Aha ... so the pastime would be photography/video ... I've seen e.g. GoPro advertised for such (or was that for DIY porn ... okokok ... :hopelessness. I'll look into that, reason being I fish for fun (something to do when out on the boat), removed the barbs so bringing in a fish can be a challenge (but makes release easy) ... and taking a pic when alone on the boat even more of a challenge. These cameras are rugged, waterproof ... hmmm.

If you watch the fishing channel, the guys that fish from kayaks ... hmmm, kayak, sounds familiar ... use such cameras.

Link fwiw ... http://gopro.com/


----------



## Jon_Snow (May 20, 2009)

Wow guys, I hadn't even considered some of these aspects. Got me thinking now.
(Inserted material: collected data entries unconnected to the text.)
Section Representations.
Variables (k : fieldType) (O : operad k) (F : rep O).
Local Notation ractF e := (@ract _ _ F _ _ e).

Lemma ract_linear m n (e : elm O m n) (a : k) u v :
  ractF e (a *: u + v) = a *: ractF e u + ractF e v.
Proof. by case: (rep_ax F) => H *; apply: H. Qed.

Lemma ract_comp m n p (e2 : elm O n p) (e1 : elm O m n) v :
  ractF (ecomp e2 e1) v = ractF e2 (ractF e1 v).
Proof. by case: (rep_ax F) => _ _ _ H; apply: H. Qed.

Lemma ract_dfwith_linear m n (f : {ffun 'I_m -> 'I_n}) (t : forall i, ops O (fib f i)) i w
    (a : k) x y :
  ractF (Elm (dfwith t (i := i) (a *: x + y))) w
  = a *: ractF (Elm (dfwith t (i := i) x)) w + ractF (Elm (dfwith t (i := i) y)) w.
Proof. by case: (rep_ax F) => _ H *; apply: H. Qed.
End Representations.

Section LeibnizNaturality.
Variables (k : fieldType) (O : operad k) (mu : ops O 2) (F : rep O).
Variables (m n : nat) (f : {ffun 'I_m -> 'I_n}) (nu : forall i, ops O (fib f i)).
Variable v : robj F m.+1.
Local Notation ractF e := (@ract _ _ F _ _ e).

Lemma ract_elm_replace_sum i (I : finType) (x : I -> ops O (fib f i).+1) :
  ractF (elm_replace nu (\sum_(q : I) x q)) v = \sum_(q : I) ractF (elm_replace nu (x q)) v.
Proof.
rewrite /elm_replace (lin_sum (coe_linear _)).
pose A y := ractF (Elm (dfwith (fun j => coe (fib (extmap f i) j) (nu j)) (i := i) y)) v.
by apply: (@lin_sum _ _ _ A) => a y1 y2; apply: ract_dfwith_linear.
Qed.

Lemma val_fib_rank_enum_val i (q : 'I_(fib f i)) : val (fib_rank f (enum_val q)) = val q.
Proof.
have fq : f (enum_val q) = i by apply/eqP; have := enum_valP q.
rewrite /fib_rank; move: (mem_fib_self f (enum_val q)); rewrite fq => fibq.
by rewrite enum_valK_in.
Qed.

Let T i (q : 'I_(fib f i)) := ractF (elm_replace nu (nu_o_mu_i mu (nu i) q)) v.

Let T_val i1 i (e : i1 = i) (q1 : 'I_(fib f i1)) (q : 'I_(fib f i)) :
  val q1 = val q -> T q1 = T q.
Proof. by subst i1 => /val_inj ->. Qed.

Lemma mutilde_ebox1_Elm : (forall i, leibniz_at mu (nu i)) ->
  mutilde mu (ractF (ebox1 (Elm nu)) v) = ractF (Elm nu) (mutilde mu v).
Proof.
move=> leib; rewrite /mutilde (lin_sum (@ract_linear _ _ _ _ _ _)).
transitivity (\sum_(i < n) \sum_(q < fib f i) T q).
  apply: eq_bigr => i _.
  by rewrite -ract_comp ecomp_mu_i_ebox1 ((leibniz_atE _ _).1 (leib i)) ract_elm_replace_sum.
symmetry; under eq_bigr => i' _ do rewrite -ract_comp ecomp_Elm_mu_i.
rewrite (partition_big (fun i' => f i') predT) //=; apply: eq_bigr => i _.
rewrite (big_enum_val (A := [pred x : 'I_m | f x == i])) /=; apply: eq_bigr => q _.
apply: T_val; last exact: val_fib_rank_enum_val.
by apply/eqP; have := enum_valP q.
Qed.
End LeibnizNaturality.

Section HomRepresentation.
Variables (k : fieldType) (O : operad k) (N : nat).

Record linhom p := LinHom {
  linhom_fun :> ops O p -> ops O N;
  linhom_linear : forall (a : k) x y, linhom_fun (a *: x + y) = a *: linhom_fun x + linhom_fun y }.

Lemma linhom_eq p (g g' : linhom p) : g =1 g' -> g = g'.
Proof.
case: g g' => g lg [g' lg'] /= /funext gg'; subst g'.
by congr LinHom; apply: Prop_irrelevance.
Qed.

HB.instance Definition _ p := gen_eqMixin (linhom p).
HB.instance Definition _ p := gen_choiceMixin (linhom p).

Section Operations.
Variable p : nat.

Program Definition linhom0 : linhom p := @LinHom p (fun => 0) _.
Next Obligation. by rewrite scaler0 addr0. Qed.

Program Definition linhomD (g g' : linhom p) : linhom p := @LinHom p (fun y => g y + g' y) _.
Next Obligation. by rewrite !linhom_linear scalerDr addrACA. Qed.

Program Definition linhomN (g : linhom p) : linhom p := @LinHom p (fun y => - g y) _.
Next Obligation. by rewrite linhom_linear opprD scalerN. Qed.

Program Definition linhomZ (a : k) (g : linhom p) : linhom p := @LinHom p (fun y => a *: g y) _.
Next Obligation. by rewrite linhom_linear scalerDr !scalerA mulrC. Qed.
As we get into Summer, I'll try to get some media posted so those who are interested can see/hear my orca "friends".


----------



## rikk (May 28, 2012)

Jon_Snow said:


> Wow guys, I hadn't even considered some of these aspects. Got me thinking now.
> 
> As we get into Summer, I'll try to get some media posted so those who are interested can see/hear my orca "friends".


Just uploaded some pics to Flickr (a bit fuzzy but hey, what the heck) ... new for me ... let's see if this'll work.

Short story ... Last summer with all the houses being taken down, and trees, the crow family we were used to seeing I thought were gone ... until 3 young crows showed up ... so I feed them, in this case some leftovers. One day a young hawk appears ... tries it's best to make a meal of them ... no luck ... pretty funny to watch ... it's a standoff. The hawk is unfortunately still in the neighborhood making it difficult for other birds ... I have house finches I've built nests for around the front porch ... just flower pots nailed up but they're perfectly happy with that.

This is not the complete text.